> What is being asked
What you give back should be exactly the opening lines of the data, ending with the line that contains "Implicit Types (m p q : nat)." and including it.

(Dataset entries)
──────────────────────────────
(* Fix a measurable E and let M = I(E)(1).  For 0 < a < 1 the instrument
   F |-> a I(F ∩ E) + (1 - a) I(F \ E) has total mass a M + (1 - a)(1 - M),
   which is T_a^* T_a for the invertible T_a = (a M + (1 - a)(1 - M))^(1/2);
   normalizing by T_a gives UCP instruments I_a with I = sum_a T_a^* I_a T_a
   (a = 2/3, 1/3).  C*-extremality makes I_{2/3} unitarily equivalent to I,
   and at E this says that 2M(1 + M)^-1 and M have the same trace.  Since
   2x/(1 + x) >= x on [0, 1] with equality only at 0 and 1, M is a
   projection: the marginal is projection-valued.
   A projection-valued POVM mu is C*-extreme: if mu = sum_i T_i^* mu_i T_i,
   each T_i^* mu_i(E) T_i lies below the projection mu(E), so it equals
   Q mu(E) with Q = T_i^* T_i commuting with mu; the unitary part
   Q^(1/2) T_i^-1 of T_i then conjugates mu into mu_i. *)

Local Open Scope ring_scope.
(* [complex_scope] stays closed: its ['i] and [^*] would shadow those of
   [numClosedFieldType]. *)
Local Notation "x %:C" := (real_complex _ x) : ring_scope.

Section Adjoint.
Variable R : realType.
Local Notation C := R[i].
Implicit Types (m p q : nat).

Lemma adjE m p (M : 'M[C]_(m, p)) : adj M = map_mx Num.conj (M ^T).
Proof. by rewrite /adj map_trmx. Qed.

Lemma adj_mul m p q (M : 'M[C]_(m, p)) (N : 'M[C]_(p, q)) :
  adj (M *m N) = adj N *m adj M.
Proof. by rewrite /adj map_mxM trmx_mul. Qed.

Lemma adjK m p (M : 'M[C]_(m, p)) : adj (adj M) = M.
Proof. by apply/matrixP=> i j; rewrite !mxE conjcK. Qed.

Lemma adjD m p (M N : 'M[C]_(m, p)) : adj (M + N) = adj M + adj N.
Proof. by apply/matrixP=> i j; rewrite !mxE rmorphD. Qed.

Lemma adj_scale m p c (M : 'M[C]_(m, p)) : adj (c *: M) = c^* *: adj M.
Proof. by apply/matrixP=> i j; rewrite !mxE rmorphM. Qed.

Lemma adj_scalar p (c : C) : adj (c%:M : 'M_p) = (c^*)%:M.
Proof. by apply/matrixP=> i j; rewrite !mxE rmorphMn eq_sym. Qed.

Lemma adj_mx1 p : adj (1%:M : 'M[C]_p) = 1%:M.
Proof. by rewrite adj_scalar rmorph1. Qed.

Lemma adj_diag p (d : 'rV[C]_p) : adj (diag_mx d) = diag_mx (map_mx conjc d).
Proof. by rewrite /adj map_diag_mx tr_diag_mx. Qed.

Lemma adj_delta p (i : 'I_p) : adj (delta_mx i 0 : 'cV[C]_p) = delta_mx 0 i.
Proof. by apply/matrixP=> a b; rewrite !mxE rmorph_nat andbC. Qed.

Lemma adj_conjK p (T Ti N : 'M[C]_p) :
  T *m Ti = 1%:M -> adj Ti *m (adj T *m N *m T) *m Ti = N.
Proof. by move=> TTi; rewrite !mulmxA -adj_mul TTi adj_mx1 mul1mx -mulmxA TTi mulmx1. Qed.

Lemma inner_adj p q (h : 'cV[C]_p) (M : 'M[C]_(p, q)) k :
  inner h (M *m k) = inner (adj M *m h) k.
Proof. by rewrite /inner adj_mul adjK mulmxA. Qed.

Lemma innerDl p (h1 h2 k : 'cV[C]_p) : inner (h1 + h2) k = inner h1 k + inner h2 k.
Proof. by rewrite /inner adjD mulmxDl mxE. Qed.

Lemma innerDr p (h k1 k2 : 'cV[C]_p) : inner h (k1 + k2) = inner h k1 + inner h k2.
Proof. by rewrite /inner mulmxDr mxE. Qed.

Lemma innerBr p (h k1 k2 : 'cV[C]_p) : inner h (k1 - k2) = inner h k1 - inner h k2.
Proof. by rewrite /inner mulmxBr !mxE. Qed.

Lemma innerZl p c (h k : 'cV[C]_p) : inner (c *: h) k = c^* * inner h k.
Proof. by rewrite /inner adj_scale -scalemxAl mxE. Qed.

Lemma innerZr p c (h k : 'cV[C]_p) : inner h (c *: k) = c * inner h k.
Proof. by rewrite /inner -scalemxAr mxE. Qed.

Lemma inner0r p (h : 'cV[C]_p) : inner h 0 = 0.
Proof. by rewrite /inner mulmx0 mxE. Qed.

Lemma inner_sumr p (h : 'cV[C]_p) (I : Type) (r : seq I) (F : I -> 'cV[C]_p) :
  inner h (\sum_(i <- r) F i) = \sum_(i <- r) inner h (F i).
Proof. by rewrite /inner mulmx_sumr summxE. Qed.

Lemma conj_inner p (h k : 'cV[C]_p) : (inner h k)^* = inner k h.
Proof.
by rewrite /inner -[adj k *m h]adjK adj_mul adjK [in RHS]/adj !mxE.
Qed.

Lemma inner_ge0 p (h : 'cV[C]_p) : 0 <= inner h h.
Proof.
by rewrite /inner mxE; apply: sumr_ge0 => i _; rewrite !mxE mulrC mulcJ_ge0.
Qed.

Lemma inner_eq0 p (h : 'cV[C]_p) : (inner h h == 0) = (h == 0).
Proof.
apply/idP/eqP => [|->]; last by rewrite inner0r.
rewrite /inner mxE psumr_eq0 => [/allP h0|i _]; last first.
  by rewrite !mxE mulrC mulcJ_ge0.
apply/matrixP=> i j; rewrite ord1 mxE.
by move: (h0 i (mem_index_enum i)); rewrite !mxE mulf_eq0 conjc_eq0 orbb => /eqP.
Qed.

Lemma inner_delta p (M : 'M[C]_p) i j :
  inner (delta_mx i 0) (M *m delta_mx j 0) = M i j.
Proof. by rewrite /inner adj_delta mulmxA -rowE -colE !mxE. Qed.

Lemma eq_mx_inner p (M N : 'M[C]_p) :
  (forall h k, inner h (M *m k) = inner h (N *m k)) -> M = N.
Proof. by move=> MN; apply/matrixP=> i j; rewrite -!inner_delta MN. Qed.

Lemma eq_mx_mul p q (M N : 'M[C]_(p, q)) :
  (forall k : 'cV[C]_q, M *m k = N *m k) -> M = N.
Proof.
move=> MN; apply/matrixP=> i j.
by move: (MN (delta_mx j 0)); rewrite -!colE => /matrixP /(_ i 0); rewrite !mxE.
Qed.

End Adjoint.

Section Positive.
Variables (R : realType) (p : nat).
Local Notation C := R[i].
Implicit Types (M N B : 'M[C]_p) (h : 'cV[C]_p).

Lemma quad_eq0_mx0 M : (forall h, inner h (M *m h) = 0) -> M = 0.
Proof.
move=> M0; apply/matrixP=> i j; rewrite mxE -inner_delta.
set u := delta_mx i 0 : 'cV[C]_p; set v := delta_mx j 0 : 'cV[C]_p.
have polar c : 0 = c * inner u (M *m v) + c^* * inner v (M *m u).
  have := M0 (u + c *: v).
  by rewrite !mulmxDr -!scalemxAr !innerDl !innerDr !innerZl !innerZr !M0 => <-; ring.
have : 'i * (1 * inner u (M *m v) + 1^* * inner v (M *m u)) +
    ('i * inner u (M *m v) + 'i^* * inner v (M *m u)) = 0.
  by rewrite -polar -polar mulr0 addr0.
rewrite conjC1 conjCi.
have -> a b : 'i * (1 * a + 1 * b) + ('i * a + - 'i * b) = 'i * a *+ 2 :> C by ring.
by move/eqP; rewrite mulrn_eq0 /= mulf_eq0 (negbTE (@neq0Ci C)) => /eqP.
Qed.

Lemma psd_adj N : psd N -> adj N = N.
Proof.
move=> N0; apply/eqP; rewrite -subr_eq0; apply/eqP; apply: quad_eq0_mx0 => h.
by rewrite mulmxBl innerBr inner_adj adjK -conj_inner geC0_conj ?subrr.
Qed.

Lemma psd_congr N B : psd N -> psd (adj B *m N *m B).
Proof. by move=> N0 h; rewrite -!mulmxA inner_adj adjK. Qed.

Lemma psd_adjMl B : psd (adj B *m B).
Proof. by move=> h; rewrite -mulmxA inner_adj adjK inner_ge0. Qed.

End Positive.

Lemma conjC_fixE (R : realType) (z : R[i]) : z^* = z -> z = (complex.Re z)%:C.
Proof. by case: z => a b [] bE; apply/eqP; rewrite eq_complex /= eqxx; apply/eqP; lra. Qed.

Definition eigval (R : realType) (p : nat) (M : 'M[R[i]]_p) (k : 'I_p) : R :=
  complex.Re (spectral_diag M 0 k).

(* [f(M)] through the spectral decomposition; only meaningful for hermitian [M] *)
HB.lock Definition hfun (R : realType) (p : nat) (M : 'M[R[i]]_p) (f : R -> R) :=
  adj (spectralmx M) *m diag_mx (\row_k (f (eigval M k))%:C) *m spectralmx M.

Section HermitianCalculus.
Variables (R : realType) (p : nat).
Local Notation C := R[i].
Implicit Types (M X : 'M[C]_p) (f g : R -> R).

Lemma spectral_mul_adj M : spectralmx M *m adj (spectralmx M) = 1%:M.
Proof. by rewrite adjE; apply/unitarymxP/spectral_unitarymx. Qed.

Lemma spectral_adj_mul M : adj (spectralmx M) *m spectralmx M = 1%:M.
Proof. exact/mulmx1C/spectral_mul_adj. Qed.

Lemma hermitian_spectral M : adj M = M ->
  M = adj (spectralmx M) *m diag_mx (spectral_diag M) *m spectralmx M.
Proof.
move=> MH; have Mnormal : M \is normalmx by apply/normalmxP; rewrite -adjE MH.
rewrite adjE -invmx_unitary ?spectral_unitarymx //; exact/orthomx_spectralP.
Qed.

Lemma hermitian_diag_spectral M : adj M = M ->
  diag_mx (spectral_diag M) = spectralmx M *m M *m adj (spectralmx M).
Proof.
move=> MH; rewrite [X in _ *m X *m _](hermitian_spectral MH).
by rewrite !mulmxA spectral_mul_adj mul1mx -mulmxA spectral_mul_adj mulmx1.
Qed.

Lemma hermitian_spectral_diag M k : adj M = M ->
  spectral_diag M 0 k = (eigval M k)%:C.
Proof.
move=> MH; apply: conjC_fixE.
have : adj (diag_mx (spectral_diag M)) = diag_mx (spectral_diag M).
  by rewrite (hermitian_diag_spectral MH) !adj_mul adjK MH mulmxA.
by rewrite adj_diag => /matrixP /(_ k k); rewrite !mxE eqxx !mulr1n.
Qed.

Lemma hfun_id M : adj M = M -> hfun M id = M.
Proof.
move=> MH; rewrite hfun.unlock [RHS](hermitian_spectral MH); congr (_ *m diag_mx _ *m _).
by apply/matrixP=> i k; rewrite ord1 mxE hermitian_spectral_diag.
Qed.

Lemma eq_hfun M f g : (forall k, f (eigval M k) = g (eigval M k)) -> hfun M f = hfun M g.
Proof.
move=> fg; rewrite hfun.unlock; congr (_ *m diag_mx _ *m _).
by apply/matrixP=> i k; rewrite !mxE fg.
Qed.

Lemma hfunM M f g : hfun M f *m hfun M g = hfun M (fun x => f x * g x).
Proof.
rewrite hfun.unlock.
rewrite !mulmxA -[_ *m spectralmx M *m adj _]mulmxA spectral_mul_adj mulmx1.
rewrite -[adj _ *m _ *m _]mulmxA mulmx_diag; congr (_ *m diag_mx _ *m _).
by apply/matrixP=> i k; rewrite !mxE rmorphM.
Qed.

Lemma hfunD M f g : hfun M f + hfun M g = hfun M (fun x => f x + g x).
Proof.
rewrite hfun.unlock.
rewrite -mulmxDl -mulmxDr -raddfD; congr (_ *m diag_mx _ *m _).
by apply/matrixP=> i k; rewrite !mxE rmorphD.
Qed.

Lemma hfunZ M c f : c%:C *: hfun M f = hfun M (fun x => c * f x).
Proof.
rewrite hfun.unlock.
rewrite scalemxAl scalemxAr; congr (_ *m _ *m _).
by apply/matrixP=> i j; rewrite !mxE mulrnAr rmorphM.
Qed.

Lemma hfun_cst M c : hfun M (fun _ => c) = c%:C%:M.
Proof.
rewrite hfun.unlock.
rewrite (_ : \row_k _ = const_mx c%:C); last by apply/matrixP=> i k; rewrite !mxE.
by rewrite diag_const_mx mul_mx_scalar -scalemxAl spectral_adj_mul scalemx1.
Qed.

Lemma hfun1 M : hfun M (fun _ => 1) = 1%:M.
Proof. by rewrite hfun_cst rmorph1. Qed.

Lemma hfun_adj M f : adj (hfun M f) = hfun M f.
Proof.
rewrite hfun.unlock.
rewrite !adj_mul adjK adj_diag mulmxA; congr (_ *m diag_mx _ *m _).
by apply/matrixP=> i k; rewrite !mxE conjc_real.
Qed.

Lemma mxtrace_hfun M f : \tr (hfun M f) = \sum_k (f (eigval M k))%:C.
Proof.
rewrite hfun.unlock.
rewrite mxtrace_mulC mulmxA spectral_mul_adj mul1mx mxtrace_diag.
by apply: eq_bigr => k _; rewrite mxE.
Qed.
──────────────────────────────
> Exercise solution
(* Fix a measurable E and let M = I(E)(1).  For 0 < a < 1 the instrument
   F |-> a I(F ∩ E) + (1 - a) I(F \ E) has total mass a M + (1 - a)(1 - M),
   which is T_a^* T_a for the invertible T_a = (a M + (1 - a)(1 - M))^(1/2);
   normalizing by T_a gives UCP instruments I_a with I = sum_a T_a^* I_a T_a
   (a = 2/3, 1/3).  C*-extremality makes I_{2/3} unitarily equivalent to I,
   and at E this says that 2M(1 + M)^-1 and M have the same trace.  Since
   2x/(1 + x) >= x on [0, 1] with equality only at 0 and 1, M is a
   projection: the marginal is projection-valued.
   A projection-valued POVM mu is C*-extreme: if mu = sum_i T_i^* mu_i T_i,
   each T_i^* mu_i(E) T_i lies below the projection mu(E), so it equals
   Q mu(E) with Q = T_i^* T_i commuting with mu; the unitary part
   Q^(1/2) T_i^-1 of T_i then conjugates mu into mu_i. *)

Local Open Scope ring_scope.
(* [complex_scope] stays closed: its ['i] and [^*] would shadow those of
   [numClosedFieldType]. *)
Local Notation "x %:C" := (real_complex _ x) : ring_scope.

Section Adjoint.
Variable R : realType.
Local Notation C := R[i].
Implicit Types (m p q : nat).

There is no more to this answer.